[Opening GIVEN INFORMATION section]
Lemma integrand_mix_first_moved (xi env : nat -> C) :
  integrand p N X Y sigma E (mix m xi env) =
  Cmult (Cprod (map (fun i => Cpowz (xi i) (X i - Y i - 1)%Z) (seq 0 m)))
        (integrand_tail p N m X Y sigma E env).
Proof.
  unfold integrand, integrand_tail.
  replace (seq 0 N) with (seq 0 m ++ seq m (N - m))
    by (rewrite <- seq_app; f_equal; lia).
  rewrite map_app, Cprod_app.
  rewrite (inv_prod_ext N sigma _ (fun b a => Eval p (1 - p) (E b a) (env a) (env b))).
  2: { intros i j Hij Hinv. unfold mix. pose proof (first_moved_le_inversion i j Hij Hinv).
       destruct (Nat.ltb_spec (sigma j) m), (Nat.ltb_spec (sigma i) m); auto; lia. }
  rewrite (map_ext_in _ (fun i => Cpowz (xi i) (X i - Y i - 1)%Z) (seq 0 m)).
  2: { intros i Hi. apply in_seq in Hi. unfold mix. rewrite Hfixed by lia.
       destruct (Nat.ltb_spec i m); [reflexivity | lia]. }
  rewrite (map_ext_in _ (fun i => Cpowz (env (sigma i)) (X i - Y (sigma i) - 1)%Z) (seq m (N - m))).
  2: { intros i Hi. apply in_seq in Hi. unfold mix. pose proof (first_moved_le_image i ltac:(lia)).
       destruct (Nat.ltb_spec (sigma i) m); [lia | reflexivity]. }
  change_to_C. ring.
Qed.

Lemma poly_approx_integrand_tail (env : nat -> C) :
  (forall k, (S m <= k)%nat -> Cmod (env k) = r) ->
  poly_approx r (fun w => integrand_tail p N m X Y sigma E (fun k => if Nat.eqb k m then w else env k)).
Proof.
  intros Henv. unfold integrand_tail. apply poly_approx_mul; [lra | |].
  - apply (poly_approx_inv_prod r ltac:(lra) N sigma (fun b a w =>
      Eval p (1 - p) (E b a) (if Nat.eqb a m then w else env a) (if Nat.eqb b m then w else env b))).
    intros i j Hij Hinv. pose proof (first_moved_le_inversion i j Hij Hinv).
    destruct (Nat.eqb_spec (sigma i) m); [lia|].
    destruct (Nat.eqb_spec (sigma j) m); [|apply poly_approx_const].
    apply poly_approx_Eval; [exact Hp | lra | exact Hq | apply Henv; lia].
  - apply (poly_approx_Cprod_map r ltac:(lra) (seq m (N - m)) (fun i w =>
      Cpowz (if Nat.eqb (sigma i) m then w else env (sigma i)) (X i - Y (sigma i) - 1)%Z)).
    intros i Hi. apply in_seq in Hi.
    destruct (Nat.eqb_spec (sigma i) m) as [Hsi | Hsi]; [|apply poly_approx_const].
    rewrite Hsi. pose proof (first_moved_exponent_nonneg i ltac:(lia) Hsi) as Hexp.
    apply (poly_approx_ext r (fun w => Cpow w (Z.to_nat (X i - Y m - 1)))); [apply poly_approx_pow; lra|].
    intros w _. unfold Cpowz. destruct (Z.leb_spec 0 (X i - Y m - 1)); [reflexivity | lia].
Qed.

Lemma iter_circ_integrand_first_moved (env : nat -> C) :
  (forall k, (S m <= k)%nat -> Cmod (env k) = r) ->
  iter_circ r (S m) (fun xi => integrand p N X Y sigma E (mix (S m) xi env)) = RtoC 0.
Proof.
  intros Henv. rewrite iter_circ_mix_S.
  set (power i z := Cpowz z (X i - Y i - 1)%Z).
  set (K := Cprod (map (fun i => circ_int r (power i)) (seq 0 m))).
  set (G w := integrand_tail p N m X Y sigma E (fun k => if Nat.eqb k m then w else env k)).
  transitivity (circ_int r (fun z => Cmult K (G z))).
  - f_equal. apply functional_extensionality. intros z.
    unfold K. rewrite <- (iter_circ_separable r power (fun i => ex_RInt_circ_Cpowz r _ ltac:(lra))).
    f_equal. apply functional_extensionality. intros xi.
    apply integrand_mix_first_moved.
  - rewrite (circ_int_Cmult_l r K G (RtoC 0)); [change_to_C; ring|].
    apply is_RInt_circ_poly_approx; [exact Hr|].
    apply poly_approx_integrand_tail, Henv.
Qed.

End FirstMovedPoint.

Lemma radius_bound (p r : R) :
  0 < p < 1 -> 0 < r < (-1 + sqrt (1 + 4 * p * (1 - p))) / (2 * (1 - p)) ->
  (1 - p) * (r * r) + r < p.
Proof.
  intros Hp [Hr0 Hr1].
  assert (Hsqrt : 2 * (1 - p) * r + 1 < sqrt (1 + 4 * p * (1 - p))).
  { apply (Rmult_lt_compat_r (2 * (1 - p))) in Hr1; [|lra].
    unfold Rdiv in Hr1. rewrite Rmult_assoc, Rinv_l, Rmult_1_r in Hr1 by lra. lra. }
  assert (Hsq : (2 * (1 - p) * r + 1) ^ 2 < 1 + 4 * p * (1 - p)).
  { apply sqrt_lt_0_alt. rewrite sqrt_pow2 by nra. exact Hsqrt. }
  nra.
Qed.

Theorem mainTheorem5 (p r : R) (N : nat) (X Y : nat -> Z) (sigma : nat -> nat)
  (E : nat -> nat -> Echoice) :
  0 < p < 1 ->
  0 < r < (-1 + sqrt (1 + 4 * p * (1 - p))) / (2 * (1 - p)) ->
  (forall i j, (i < j < N)%nat -> (X i < X j)%Z) ->
  (forall i j, (i < j < N)%nat -> (Y i < Y j)%Z) ->
  (forall i, (i < N)%nat -> (Y i <= X i)%Z) ->
  is_perm N sigma ->
  (exists i, (i < N)%nat /\ sigma i <> i) ->
  iter_circ r N (fun xi =>
    Cmult
      (inv_prod N sigma (fun b a => Eval p (1 - p) (E b a) (xi a) (xi b)))
      (Cprod (map (fun i => Cpowz (xi (sigma i)) (X i - Y (sigma i) - 1)%Z)
                  (seq 0 N))))
  = RtoC 0.
Proof.
  intros Hp Hr HX _ HXY Hperm [i0 [Hi0 Hmoved0]].
  pose proof (radius_bound p r Hp Hr) as Hq.
  destruct (identity_or_first_moved N sigma) as [Hid | [m [HmN [Hmoved Hfixed]]]].
  { exfalso. exact (Hmoved0 (Hid i0 Hi0)). }
  change (iter_circ r N (integrand p N X Y sigma E) = RtoC 0).
  transitivity (iter_circ r N (fun xi => integrand p N X Y sigma E (mix N xi (fun _ => circ_pt r 0)))).
  { f_equal. apply functional_extensionality. intros xi.
    symmetry. apply integrand_mix, (proj1 Hperm). }
  apply (iter_circ_mix_eq0 r _ (S m)); [lra | | lia | intros k _; apply Cmod_circ_pt; lra].
  intros env Henv.
  apply iter_circ_integrand_first_moved; (assumption || lra).
Qed.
[Closing GIVEN INFORMATION section]
TASK DIRECTIONS: Nothing should be left out: copy the material exactly.

ANSWER TO THIS EXERCISE:
Lemma integrand_mix_first_moved (xi env : nat -> C) :
  integrand p N X Y sigma E (mix m xi env) =
  Cmult (Cprod (map (fun i => Cpowz (xi i) (X i - Y i - 1)%Z) (seq 0 m)))
        (integrand_tail p N m X Y sigma E env).
Proof.
  unfold integrand, integrand_tail.
  replace (seq 0 N) with (seq 0 m ++ seq m (N - m))
    by (rewrite <- seq_app; f_equal; lia).
  rewrite map_app, Cprod_app.
  rewrite (inv_prod_ext N sigma _ (fun b a => Eval p (1 - p) (E b a) (env a) (env b))).
  2: { intros i j Hij Hinv. unfold mix. pose proof (first_moved_le_inversion i j Hij Hinv).
       destruct (Nat.ltb_spec (sigma j) m), (Nat.ltb_spec (sigma i) m); auto; lia. }
  rewrite (map_ext_in _ (fun i => Cpowz (xi i) (X i - Y i - 1)%Z) (seq 0 m)).
  2: { intros i Hi. apply in_seq in Hi. unfold mix. rewrite Hfixed by lia.
       destruct (Nat.ltb_spec i m); [reflexivity | lia]. }
  rewrite (map_ext_in _ (fun i => Cpowz (env (sigma i)) (X i - Y (sigma i) - 1)%Z) (seq m (N - m))).
  2: { intros i Hi. apply in_seq in Hi. unfold mix. pose proof (first_moved_le_image i ltac:(lia)).
       destruct (Nat.ltb_spec (sigma i) m); [lia | reflexivity]. }
  change_to_C. ring.
Qed.

Lemma poly_approx_integrand_tail (env : nat -> C) :
  (forall k, (S m <= k)%nat -> Cmod (env k) = r) ->
  poly_approx r (fun w => integrand_tail p N m X Y sigma E (fun k => if Nat.eqb k m then w else env k)).
Proof.
  intros Henv. unfold integrand_tail. apply poly_approx_mul; [lra | |].
  - apply (poly_approx_inv_prod r ltac:(lra) N sigma (fun b a w =>
      Eval p (1 - p) (E b a) (if Nat.eqb a m then w else env a) (if Nat.eqb b m then w else env b))).
    intros i j Hij Hinv. pose proof (first_moved_le_inversion i j Hij Hinv).
    destruct (Nat.eqb_spec (sigma i) m); [lia|].
    destruct (Nat.eqb_spec (sigma j) m); [|apply poly_approx_const].
    apply poly_approx_Eval; [exact Hp | lra | exact Hq | apply Henv; lia].
  - apply (poly_approx_Cprod_map r ltac:(lra) (seq m (N - m)) (fun i w =>
      Cpowz (if Nat.eqb (sigma i) m then w else env (sigma i)) (X i - Y (sigma i) - 1)%Z)).
    intros i Hi. apply in_seq in Hi.
    destruct (Nat.eqb_spec (sigma i) m) as [Hsi | Hsi]; [|apply poly_approx_const].
    rewrite Hsi. pose proof (first_moved_exponent_nonneg i ltac:(lia) Hsi) as Hexp.
    apply (poly_approx_ext r (fun w => Cpow w (Z.to_nat (X i - Y m - 1)))); [apply poly_approx_pow; lra|].
    intros w _. unfold Cpowz. destruct (Z.leb_spec 0 (X i - Y m - 1)); [reflexivity | lia].
Qed.

Lemma iter_circ_integrand_first_moved (env : nat -> C) :
  (forall k, (S m <= k)%nat -> Cmod (env k) = r) ->
  iter_circ r (S m) (fun xi => integrand p N X Y sigma E (mix (S m) xi env)) = RtoC 0.
Proof.
  intros Henv. rewrite iter_circ_mix_S.
  set (power i z := Cpowz z (X i - Y i - 1)%Z).
  set (K := Cprod (map (fun i => circ_int r (power i)) (seq 0 m))).
  set (G w := integrand_tail p N m X Y sigma E (fun k => if Nat.eqb k m then w else env k)).
  transitivity (circ_int r (fun z => Cmult K (G z))).
  - f_equal. apply functional_extensionality. intros z.
    unfold K. rewrite <- (iter_circ_separable r power (fun i => ex_RInt_circ_Cpowz r _ ltac:(lra))).
    f_equal. apply functional_extensionality. intros xi.
    apply integrand_mix_first_moved.
  - rewrite (circ_int_Cmult_l r K G (RtoC 0)); [change_to_C; ring|].
    apply is_RInt_circ_poly_approx; [exact Hr|].
    apply poly_approx_integrand_tail, Henv.
Qed.

End FirstMovedPoint.

Lemma radius_bound (p r : R) :
  0 < p < 1 -> 0 < r < (-1 + sqrt (1 + 4 * p * (1 - p))) / (2 * (1 - p)) ->
  (1 - p) * (r * r) + r < p.
Proof.
  intros Hp [Hr0 Hr1].
  assert (Hsqrt : 2 * (1 - p) * r + 1 < sqrt (1 + 4 * p * (1 - p))).
  { apply (Rmult_lt_compat_r (2 * (1 - p))) in Hr1; [|lra].
    unfold Rdiv in Hr1. rewrite Rmult_assoc, Rinv_l, Rmult_1_r in Hr1 by lra. lra. }
  assert (Hsq : (2 * (1 - p) * r + 1) ^ 2 < 1 + 4 * p * (1 - p)).
  { apply sqrt_lt_0_alt. rewrite sqrt_pow2 by nra. exact Hsqrt. }
  nra.
Qed.

Theorem mainTheorem5 (p r : R) (N : nat) (X Y : nat -> Z) (sigma : nat -> nat)
  (E : nat -> nat -> Echoice) :
  0 < p < 1 ->
  0 < r < (-1 + sqrt (1 + 4 * p * (1 - p))) / (2 * (1 - p)) ->
  (forall i j, (i < j < N)%nat -> (X i < X j)%Z) ->
  (forall i j, (i < j < N)%nat -> (Y i < Y j)%Z) ->
  (forall i, (i < N)%nat -> (Y i <= X i)%Z) ->
  is_perm N sigma ->
  (exists i, (i < N)%nat /\ sigma i <> i) ->
  iter_circ r N (fun xi =>
    Cmult
      (inv_prod N sigma (fun b a => Eval p (1 - p) (E b a) (xi a) (xi b)))
      (Cprod (map (fun i => Cpowz (xi (sigma i)) (X i - Y (sigma i) - 1)%Z)
                  (seq 0 N))))
  = RtoC 0.
Proof.
  intros Hp Hr HX _ HXY Hperm [i0 [Hi0 Hmoved0]].
  pose proof (radius_bound p r Hp Hr) as Hq.
  destruct (identity_or_first_moved N sigma) as [Hid | [m [HmN [Hmoved Hfixed]]]].
  { exfalso. exact (Hmoved0 (Hid i0 Hi0)). }
  change (iter_circ r N (integrand p N X Y sigma E) = RtoC 0).
  transitivity (iter_circ r N (fun xi => integrand p N X Y sigma E (mix N xi (fun _ => circ_pt r 0)))).
  { f_equal. apply functional_extensionality. intros xi.
    symmetry. apply integrand_mix, (proj1 Hperm). }
  apply (iter_circ_mix_eq0 r _ (S m)); [lra | | lia | intros k _; apply Cmod_circ_pt; lra].
  intros env Henv.
  apply iter_circ_integrand_first_moved; (assumption || lra).
Qed.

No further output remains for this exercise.